The material below holds a span beginning at the line with "Lemma sub_I_H_components z" and ending at the line with "move: zzE; rewrite". Quote that span exactly, both ends included, and only that span.
Start of The input
(* Deleting an edge uv of the host tree T leaves u and v in different
   components.  Every edge of H induces a subtree, so it lies on one side of
   each tree edge it does not contain and contains I(uv) for each tree edge uv
   it does contain; both properties pass to intersections and connected
   unions, hence hold for B.  So B induces a subtree of T and I(e) is contained
   in B for its edges, while a tree edge e joining two different members of
   A(B) has I(e) containing B, since an edge of H containing e but not B would
   merge them.  Following T inside B therefore connects Gamma.  Every member of
   A(B) lies on one side of such an edge xy, so a cycle of Gamma through the
   Gamma-edge realised by xy would join y back to x avoiding xy.  Only the fact
   that B is a nonempty edge of Comp(H) is used, not the indecomposability of
   basic sets. *)

Lemma connect_ind (T : finType) (e : rel T) (P : T -> Prop) x y :
  (forall a b, e a b -> P a -> P b) -> P x -> connect e x y -> P y.
Proof.
move=> step Px /connectP [p pth ->]; elim: p x Px pth => [|z p IH] x Px //=.
by case/andP=> exz; apply: IH (step _ _ exz Px).
Qed.

Lemma component_eq (T : finType) (g : rel T) x y :
  connect_sym g -> y \in component g x -> component g y = component g x.
Proof.
by move=> gsym; rewrite inE => xy; apply/setP => w; rewrite !inE (same_connect gsym xy).
Qed.

Lemma mem_component (T : finType) (g : rel T) x : x \in component g x.
Proof. by rewrite inE connect0. Qed.

Lemma two_section_connect_sym (T : finType) (K : seq {set T}) : connect_sym (two_section K).
Proof.
apply: sym_connect_sym => x y; rewrite /two_section /= eq_sym; congr (_ && _).
by apply: eq_has => E; rewrite /= andbC.
Qed.

Section Components.
Variables (V : finType) (H : seq {set V}) (B : {set V}).
Local Notation comp := (component (two_section (H_bar H B))).

Lemma mem_A_of C x : C \in A_of H B -> x \in C -> comp x = C.
Proof. by case/imsetP => z _ ->; apply: component_eq (two_section_connect_sym _). Qed.

Lemma component_in_A_of x : x \in B -> comp x \in A_of H B.
Proof. exact: imset_f. Qed.

Lemma H_bar_sub_component E x z : E \in H_bar H B -> x \in E -> x \in comp z -> E \subset comp z.
Proof.
rewrite inE => EH xE zx; apply/subsetP => e eE; rewrite inE.
apply: connect_trans zx _; have [<-|xe] := eqVneq x e; first exact: connect0.
by apply: connect1; rewrite /two_section /= xe; apply/hasP; exists E; rewrite ?xE.
Qed.

Lemma sub_I_H_components z z' : comp z != comp z' -> B \subset I_H H [set z; z'].
Proof.
move=> neq; rewrite /I_H big_seq_cond.
apply: (@big_ind {set V} (fun X => B \subset X) setT (@setI V)) => [|X Y BX BY|E /andP[EH zzE]].
- exact: subsetT.
- by rewrite subsetI BX BY.
- apply: contraR neq => nBE.
  have EHbar : E \in H_bar H B by rewrite mem_filter nBE.
  move: zzE; rewrite subUset !sub1set => /andP[zE z'E].
  have /subsetP EC := H_bar_sub_component EHbar zE (mem_component _ z).
  by rewrite (component_eq (two_section_connect_sym _) (EC z' z'E)).
Qed.

End Components.

Section HostTree.
Variables (V : finType) (t : rel V).
Hypothesis t_irr : forall x, ~~ t x x.
Hypothesis t_sym : forall x y, t x y = t y x.
Hypothesis t_conn : connected_on [set: V] t.
Hypothesis t_acyclic : acyclic_on [set: V] t.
End of The input
* _Answer box_:
Lemma sub_I_H_components z z' : comp z != comp z' -> B \subset I_H H [set z; z'].
Proof.
move=> neq; rewrite /I_H big_seq_cond.
apply: (@big_ind {set V} (fun X => B \subset X) setT (@setI V)) => [|X Y BX BY|E /andP[EH zzE]].
- exact: subsetT.
- by rewrite subsetI BX BY.
- apply: contraR neq => nBE.
  have EHbar : E \in H_bar H B by rewrite mem_filter nBE.
  move: zzE; rewrite subUset !sub1set => /andP[zE z'E].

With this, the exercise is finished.